__Material for this task__:
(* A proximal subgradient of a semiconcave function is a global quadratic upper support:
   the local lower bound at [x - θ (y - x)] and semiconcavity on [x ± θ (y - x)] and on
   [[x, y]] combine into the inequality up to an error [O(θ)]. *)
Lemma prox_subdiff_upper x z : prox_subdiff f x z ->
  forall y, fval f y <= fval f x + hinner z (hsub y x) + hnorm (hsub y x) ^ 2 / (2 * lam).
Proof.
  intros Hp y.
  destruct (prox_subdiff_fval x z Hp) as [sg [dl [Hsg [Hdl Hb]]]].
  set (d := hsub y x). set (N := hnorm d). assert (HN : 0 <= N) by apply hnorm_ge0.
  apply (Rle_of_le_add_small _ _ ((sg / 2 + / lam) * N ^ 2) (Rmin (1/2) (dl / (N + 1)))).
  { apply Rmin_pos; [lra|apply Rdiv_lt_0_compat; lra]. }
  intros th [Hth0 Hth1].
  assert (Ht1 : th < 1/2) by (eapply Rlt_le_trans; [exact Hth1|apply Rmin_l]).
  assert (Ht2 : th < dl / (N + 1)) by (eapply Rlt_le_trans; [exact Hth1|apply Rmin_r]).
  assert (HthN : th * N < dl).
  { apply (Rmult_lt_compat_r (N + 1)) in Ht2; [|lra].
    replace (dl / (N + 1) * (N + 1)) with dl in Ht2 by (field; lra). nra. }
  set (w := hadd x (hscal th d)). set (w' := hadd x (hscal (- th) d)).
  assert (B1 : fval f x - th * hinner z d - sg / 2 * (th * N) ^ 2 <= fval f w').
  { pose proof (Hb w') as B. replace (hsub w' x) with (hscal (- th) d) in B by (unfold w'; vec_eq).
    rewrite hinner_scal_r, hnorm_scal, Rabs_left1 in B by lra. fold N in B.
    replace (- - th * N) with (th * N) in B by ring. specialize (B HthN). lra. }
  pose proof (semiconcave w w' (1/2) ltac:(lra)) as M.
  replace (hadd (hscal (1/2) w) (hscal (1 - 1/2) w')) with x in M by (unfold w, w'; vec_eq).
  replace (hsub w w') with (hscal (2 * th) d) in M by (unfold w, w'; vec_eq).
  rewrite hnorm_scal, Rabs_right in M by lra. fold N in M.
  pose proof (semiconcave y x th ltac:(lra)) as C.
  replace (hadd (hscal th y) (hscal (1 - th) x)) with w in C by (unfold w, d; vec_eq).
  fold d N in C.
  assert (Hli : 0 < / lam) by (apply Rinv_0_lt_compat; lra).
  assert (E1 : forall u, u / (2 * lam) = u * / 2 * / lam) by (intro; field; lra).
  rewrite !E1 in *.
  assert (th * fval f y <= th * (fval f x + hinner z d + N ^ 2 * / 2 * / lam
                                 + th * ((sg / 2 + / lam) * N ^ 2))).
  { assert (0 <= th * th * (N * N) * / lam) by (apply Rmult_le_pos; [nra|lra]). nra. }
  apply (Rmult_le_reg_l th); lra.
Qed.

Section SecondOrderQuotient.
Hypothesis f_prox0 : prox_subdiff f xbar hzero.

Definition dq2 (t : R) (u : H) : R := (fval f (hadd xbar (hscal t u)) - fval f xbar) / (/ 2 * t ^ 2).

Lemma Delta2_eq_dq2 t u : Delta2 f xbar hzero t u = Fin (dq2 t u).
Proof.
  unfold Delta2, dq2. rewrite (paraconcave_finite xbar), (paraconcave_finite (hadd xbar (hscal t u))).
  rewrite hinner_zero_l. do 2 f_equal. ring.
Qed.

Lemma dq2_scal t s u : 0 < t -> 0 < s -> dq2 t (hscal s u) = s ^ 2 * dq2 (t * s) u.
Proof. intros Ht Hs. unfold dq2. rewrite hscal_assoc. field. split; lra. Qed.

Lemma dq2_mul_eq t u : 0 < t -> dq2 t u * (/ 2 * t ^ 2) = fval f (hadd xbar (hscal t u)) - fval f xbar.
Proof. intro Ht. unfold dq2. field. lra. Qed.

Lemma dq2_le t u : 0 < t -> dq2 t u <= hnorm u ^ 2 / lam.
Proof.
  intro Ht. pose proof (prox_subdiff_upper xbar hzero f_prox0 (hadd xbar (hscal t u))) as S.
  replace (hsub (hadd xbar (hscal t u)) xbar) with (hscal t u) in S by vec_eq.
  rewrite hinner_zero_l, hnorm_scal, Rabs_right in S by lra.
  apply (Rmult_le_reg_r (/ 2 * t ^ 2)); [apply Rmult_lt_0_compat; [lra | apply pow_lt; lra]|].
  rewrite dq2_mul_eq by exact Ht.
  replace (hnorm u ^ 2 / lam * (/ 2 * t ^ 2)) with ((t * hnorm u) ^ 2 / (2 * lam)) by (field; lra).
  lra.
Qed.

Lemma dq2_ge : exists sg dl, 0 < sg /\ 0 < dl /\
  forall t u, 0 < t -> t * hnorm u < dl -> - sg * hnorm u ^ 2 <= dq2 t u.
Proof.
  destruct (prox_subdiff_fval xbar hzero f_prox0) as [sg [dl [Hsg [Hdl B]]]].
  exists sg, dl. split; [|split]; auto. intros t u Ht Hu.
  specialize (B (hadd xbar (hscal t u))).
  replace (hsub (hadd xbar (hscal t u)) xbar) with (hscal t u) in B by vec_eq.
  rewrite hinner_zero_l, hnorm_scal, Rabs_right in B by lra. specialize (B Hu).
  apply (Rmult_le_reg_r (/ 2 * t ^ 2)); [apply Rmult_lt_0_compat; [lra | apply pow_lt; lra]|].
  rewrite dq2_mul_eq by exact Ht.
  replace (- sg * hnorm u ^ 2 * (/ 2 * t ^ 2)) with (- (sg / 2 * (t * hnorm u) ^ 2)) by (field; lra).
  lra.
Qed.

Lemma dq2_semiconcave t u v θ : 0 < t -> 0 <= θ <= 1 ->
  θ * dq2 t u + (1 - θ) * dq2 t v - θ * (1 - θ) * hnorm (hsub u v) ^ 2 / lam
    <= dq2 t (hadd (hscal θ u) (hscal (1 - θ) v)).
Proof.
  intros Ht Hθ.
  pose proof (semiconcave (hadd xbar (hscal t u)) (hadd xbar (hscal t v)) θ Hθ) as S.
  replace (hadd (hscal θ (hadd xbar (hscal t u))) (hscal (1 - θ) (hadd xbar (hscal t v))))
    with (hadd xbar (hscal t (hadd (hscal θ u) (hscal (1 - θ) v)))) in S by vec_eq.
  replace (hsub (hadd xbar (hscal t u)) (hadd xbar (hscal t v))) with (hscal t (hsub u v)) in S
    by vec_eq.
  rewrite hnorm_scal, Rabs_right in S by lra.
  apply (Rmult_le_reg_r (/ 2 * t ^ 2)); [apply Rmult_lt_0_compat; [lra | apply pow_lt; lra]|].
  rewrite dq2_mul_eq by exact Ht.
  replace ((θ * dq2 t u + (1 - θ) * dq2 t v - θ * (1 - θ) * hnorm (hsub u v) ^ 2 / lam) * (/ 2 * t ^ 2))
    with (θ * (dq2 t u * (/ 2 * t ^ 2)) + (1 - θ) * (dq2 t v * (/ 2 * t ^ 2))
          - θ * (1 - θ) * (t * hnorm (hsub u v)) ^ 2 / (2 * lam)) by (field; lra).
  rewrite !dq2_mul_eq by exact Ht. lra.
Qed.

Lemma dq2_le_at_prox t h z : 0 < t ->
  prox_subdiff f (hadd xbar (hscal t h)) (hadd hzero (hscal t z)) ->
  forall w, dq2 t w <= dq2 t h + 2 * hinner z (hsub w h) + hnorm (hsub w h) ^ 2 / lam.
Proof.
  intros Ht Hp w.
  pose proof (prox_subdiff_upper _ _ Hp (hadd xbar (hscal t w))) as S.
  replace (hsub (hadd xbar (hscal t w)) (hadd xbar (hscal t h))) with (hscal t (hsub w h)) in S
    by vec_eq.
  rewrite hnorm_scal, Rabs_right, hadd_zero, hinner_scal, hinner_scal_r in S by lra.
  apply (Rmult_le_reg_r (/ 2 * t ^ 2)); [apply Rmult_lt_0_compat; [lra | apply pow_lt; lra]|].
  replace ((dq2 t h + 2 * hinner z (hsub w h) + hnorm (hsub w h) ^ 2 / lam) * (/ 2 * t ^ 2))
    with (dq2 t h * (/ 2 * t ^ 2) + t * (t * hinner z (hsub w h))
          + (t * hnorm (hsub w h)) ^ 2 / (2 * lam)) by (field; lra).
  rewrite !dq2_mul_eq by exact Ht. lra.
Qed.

__Task description__: Return every line of the records in which the word "Lemma" is found.

__Solution for this task__:
Lemma prox_subdiff_upper x z : prox_subdiff f x z ->
Lemma Delta2_eq_dq2 t u : Delta2 f xbar hzero t u = Fin (dq2 t u).
Lemma dq2_scal t s u : 0 < t -> 0 < s -> dq2 t (hscal s u) = s ^ 2 * dq2 (t * s) u.
Lemma dq2_mul_eq t u : 0 < t -> dq2 t u * (/ 2 * t ^ 2) = fval f (hadd xbar (hscal t u)) - fval f xbar.
Lemma dq2_le t u : 0 < t -> dq2 t u <= hnorm u ^ 2 / lam.
Lemma dq2_ge : exists sg dl, 0 < sg /\ 0 < dl /\
Lemma dq2_semiconcave t u v θ : 0 < t -> 0 <= θ <= 1 ->
Lemma dq2_le_at_prox t h z : 0 < t ->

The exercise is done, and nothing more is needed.